On the final day of the conference I had the good fortune to begin talking with a group of the conference volunteers, who were all animation students at Sheridan. Although there were several more panels during the course of the day, I ended up missing them in favour of spending time with these Animators of Tomorrow. I was struck even more so than before at the sheer amount of creativity and material that these animators produced all of the time, from sketches, to paintings, from character design to full animation. My collector anxiety went into meltdown as we toured the College and saw all of the material produced by students of all ages and stages of development. Though I did take a couple of (poor quality) photos, the fact is that I saw many, many images that were beautiful and I'm absolutely certain I will never see again. Not just because I can't own them, but because I also have no method of accessing it online even if it is up on deviantart or youtube. The tragic ephemeral nature of animation is that 95% of the art that goes into it disappears, if not deleted forever, and then gets lost in the vast ocean of amateur material on the internet.

Probably the most memorable of these Sheridan students was Coco Cheung, not least of all because she spent the final day, for no discernible reason, dressed as a totem pole. I spent much of my time with her, discussing her desire to make character maquettes for stop-motion animation (and being told, in no uncertain terms, that having a PhD does not make me a “real” doctor), and it is from her I will take the totem pole analogy that will form my conclusion. Or, more accurately, my “conclusion”.

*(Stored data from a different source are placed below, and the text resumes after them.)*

Lemma SO3_same_nvec A M : SO3 A -> SO3 M -> A *m nvec R = M *m nvec R ->
  exists t, M = A *m Zrot t.
Proof.
move=> A_SO3 M_SO3 AMn.
have AtM_SO3 : SO3 (A^T *m M) by apply: SO3_mul => //; exact: SO3_tr.
have [t AtM] : exists t, A^T *m M = Zrot t.
  apply: SO3_fix_nvec => //.
  by rewrite -mulmxA -AMn mulmxA; case: A_SO3 => -> _; rewrite mul1mx.
by exists t; rewrite -AtM mulmxA SO3_mulmxtr // mul1mx.
Qed.

Lemma Zrot_turn t : exists h, 0 <= h <= 1 /\ Zrot (2 * pi * h) = Zrot t :> 'M[R]_3.
Proof.
have [u /andP[u_ge0 u_lt] <-] := Zrot_mod2pi t; have pi_gt0 := pi_gt0 R.
exists (u / (2 * pi)); rewrite [2 * pi * _]mulrC divfK; last lra.
by split => //; apply/andP; split; [apply: divr_ge0 | rewrite ler_pdivrMr ?mul1r]; lra.
Qed.

Definition frame s : 'M[R]_3 :=
  let ab := xget (0, 0) [set ab | angles_ok ab /\ sph ab.1 ab.2 = s] in
  Zrot ab.1 *m Yrot ab.2.

Lemma TmapE p : Tmap p = frame p.1 *m Zrot (2 * pi * p.2).
Proof. by []. Qed.

Lemma SO3_frame s : SO3 (frame s).
Proof. by apply: SO3_mul; [exact: SO3_Zrot | exact: SO3_Yrot]. Qed.

Lemma frame_nvec s : S2 s -> frame s *m nvec R = s.
Proof.
move=> [ab [ab_ok sab]]; rewrite /frame.
set P := [set ab | angles_ok ab /\ sph ab.1 ab.2 = s].
by case: (@xgetPex _ (0, 0) P (ex_intro _ ab (conj ab_ok (esym sab)))).
Qed.

Lemma SO3_Tmap p : SO3 (Tmap p).
Proof. by rewrite TmapE; apply: SO3_mul; [exact: SO3_frame | exact: SO3_Zrot]. Qed.

Lemma Tmap_nvec p : S2 p.1 -> Tmap p *m nvec R = p.1.
Proof. by move=> p1_S2; rewrite TmapE -mulmxA Zrot_nvec frame_nvec. Qed.

Lemma Tinv_spec M : SO3 M -> S2H (Tinv M) /\ Tmap (Tinv M) = M.
Proof.
move=> M_SO3; rewrite /Tinv; apply: (@xgetPex _ (nvec R, 0) [set p | S2H p /\ Tmap p = M]).
have Mn_S2 := SO3_nvec_S2 M_SO3.
have [t Mt] := SO3_same_nvec (SO3_frame (M *m nvec R)) M_SO3 (frame_nvec Mn_S2).
have [h [h_itv Zh]] := Zrot_turn t.
by exists (M *m nvec R, h); split; [split | rewrite TmapE /= Zh -Mt].
Qed.

Lemma Tinv_fst M : SO3 M -> (Tinv M).1 = M *m nvec R.
Proof. by move=> /Tinv_spec[[Tinv_S2 _] TinvK]; rewrite -{2}TinvK Tmap_nvec. Qed.

Lemma Tinv_mulZrot M : SO3 M -> exists th, forall g,
  [/\ (Tinv (M *m Zrot g)).1 = M *m nvec R, 0 <= (Tinv (M *m Zrot g)).2 <= 1
    & Zrot (2 * pi * (Tinv (M *m Zrot g)).2) = Zrot (th + g)].
Proof.
move=> M_SO3; set A := frame (M *m nvec R).
have [th MA] := SO3_same_nvec (SO3_frame _) M_SO3 (frame_nvec (SO3_nvec_S2 M_SO3)).
exists th => g.
have MZ_SO3 : SO3 (M *m Zrot g) by apply: SO3_mul => //; exact: SO3_Zrot.
have MZn : (Tinv (M *m Zrot g)).1 = M *m nvec R by rewrite Tinv_fst // -mulmxA Zrot_nvec.
have [[_ h_itv] TinvK] := Tinv_spec MZ_SO3.
split => //; apply: (@SO3_mulmxI A); first exact: SO3_frame.
by rewrite -Zrot_add mulmxA -MA -[in RHS]TinvK TmapE MZn.
Qed.

Lemma Tmap_actQ Q p : SO3 Q -> S2 p.1 ->
  exists phi, Tmap (actQ Q p) = Q *m Tmap p *m Zrot phi.
Proof.
move=> Q_SO3 p1_S2.
have QA_SO3 : SO3 (Q *m frame p.1) by apply: SO3_mul => //; exact: SO3_frame.
have Qp1_S2 : S2 (Q *m p.1) by rewrite -(frame_nvec p1_S2) mulmxA; exact: SO3_nvec_S2.
have [t Bt] : exists t, Q *m frame p.1 = frame (Q *m p.1) *m Zrot t.
  apply: SO3_same_nvec => //; first exact: SO3_frame.
  by rewrite frame_nvec // -mulmxA frame_nvec.
exists (- t).
by rewrite !TmapE /= (mulmxA Q (frame _)) Bt -!mulmxA !Zrot_add (addrC t) subrK.
Qed.

End Rotations.

Section MatrixMeasurability.
Variable R : realType.

Lemma continuous_entries (T : topologicalType) m n (g : T -> 'M[R]_(m, n)) :
  (forall i j, continuous (fun x => g x i j)) -> continuous g.
Proof.
move=> g_cont x A /= [P P_nbhs PA].
have : \forall y \near x, forall i j, P i j (g y i j).
  by apply: filter_forall => i; apply: filter_forall => j; exact: g_cont.
by apply: filterS => y Pgy; apply: PA.
Qed.

Lemma continuous_mulmx (T : topologicalType) m n p
    (F : T -> 'M[R]_(m, n)) (G : T -> 'M[R]_(n, p)) :
  (forall i k, continuous (fun x => F x i k)) ->
  (forall k j, continuous (fun x => G x k j)) -> continuous (fun x => F x *m G x).
Proof.
move=> F_cont G_cont; apply: continuous_entries => i j; under eq_fun do rewrite mxE.
apply: (continuous_big add_continuous) => k _ x.
by apply: continuousM; [exact: F_cont | exact: G_cont].
Qed.

Lemma continuous_det n : continuous (fun M : 'M[R]_n => \det M).
Proof.
apply: (continuous_big add_continuous) => s _ M.
apply: (@continuousM _ _ (fun=> _)); first exact: cst_continuous.
by apply: (continuous_big mul_continuous) => i _; exact: coord_continuous.
Qed.

Lemma closed_SO3 : closed (@SO3 R : set 'M[R]_3).
Proof.
have -> : @SO3 R = (fun M : 'M[R]_3 => M^T *m M) @^-1` [set 1%:M]
                   `&` (fun M : 'M[R]_3 => \det M) @^-1` [set 1] by [].
apply: closedI; apply: (continuous_closedP _).1.
- apply: continuous_mulmx => i j; last exact: coord_continuous.
  by under eq_fun do rewrite mxE; exact: coord_continuous.
- exact/accessible_closed_set1/hausdorff_accessible/norm_hausdorff.
- exact: continuous_det.
- exact: closed_eq.
Qed.

Lemma measurable_SO3 : measurable (@SO3 R : set (MXB R)).
Proof.
rewrite -[@SO3 R]setCK; apply: measurableC; apply: sub_sigma_algebra.
by rewrite openC; exact: closed_SO3.
Qed.

Lemma measurable_mulmxl (Q : 'M[R]_3) :
  measurable_fun setT (fun M : MXB R => (Q *m M : MXB R)).
Proof.
apply: measurability; first reflexivity.
move=> _ [A A_open <-]; rewrite setTI; apply: sub_sigma_algebra.
apply: (@open_comp _ _ (fun M : 'M[R]_3 => Q *m M)) => // M _.
by apply: continuous_mulmx => i j; [exact: cst_continuous | exact: coord_continuous].
Qed.

Lemma haar_fin_num_fun (mu : {measure set (MXB R) -> \bar R}) : haar mu -> fin_num_fun mu.
Proof.
move=> [muC muSO3 _] A mA; have mSO3 := measurable_SO3.
have muT : mu setT = 1%E.
  rewrite -(setUv (@SO3 R : set (MXB R))) measureU ?setICr //; last exact: measurableC.
  by rewrite -[1%E]adde0; congr (_ + _)%E; [exact: muSO3 | exact: muC].
rewrite ge0_fin_numE ?measure_ge0 // (le_lt_trans _ (ltry 1)) // -muT.
by apply: le_measure; rewrite ?inE.
Qed.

Coco Cheung (by Coco Cheung) flying through the internet on her totem pole trainers


Academia functions as the top figure on a totem pole; not only does this nicely reflect the ‘ivory tower’ mentality that we all slip into at some time or another, but it also demonstrates the reliance that we have on the work of others. Below academia sits the professional finished products – shorts and feature films by Dreamworks, Laika, Disney and so on – that are our bread and butter, without which we would just fall down to the ground. Below this is the development and production materials; the concept art, storyboards, maquettes and cels, which exist as distinct artworks from the films that they ultimately produce. Below this is the personal or amateur work of individuals within the animation institution (both the business and education sectors) – here we find Brosgol’s Snow-bo, the caricatures produced by Disney animators during slow days, the maquettes and sketches that we glimpsed while touring Sheridan. While in a perfect world we would be able to see all of this totem pole and appreciate each of its figures on their own merits and in relation to one another, at this exact moment in time it has sunk down into the mud, almost to the halfway point. Academia and professionally produced animation are still sitting pretty without much problem, but the production materials are slowly sinking out of sight, only glimpsed in DVD extras, and the personal material has completely vanished below. The internet has led to the creation of small tunnels, allowing access to tiny portions of this bottom figure, but the mud keeps obscuring our view (yes, the mud is an analogy for all of the mediocre amateur animation on the web – sorry). What we need is a serious excavation project – something akin to Wells’ efforts on a global scale – that can reveal the entirety of the totem pole for all to see. If the majority of audiences are only interested in the second figure down, so be it, but we should have the option to explore the bottom figures and – maybe one day – create a link between the top and foundational figures, between academia and the personal material produced by highly talented individuals.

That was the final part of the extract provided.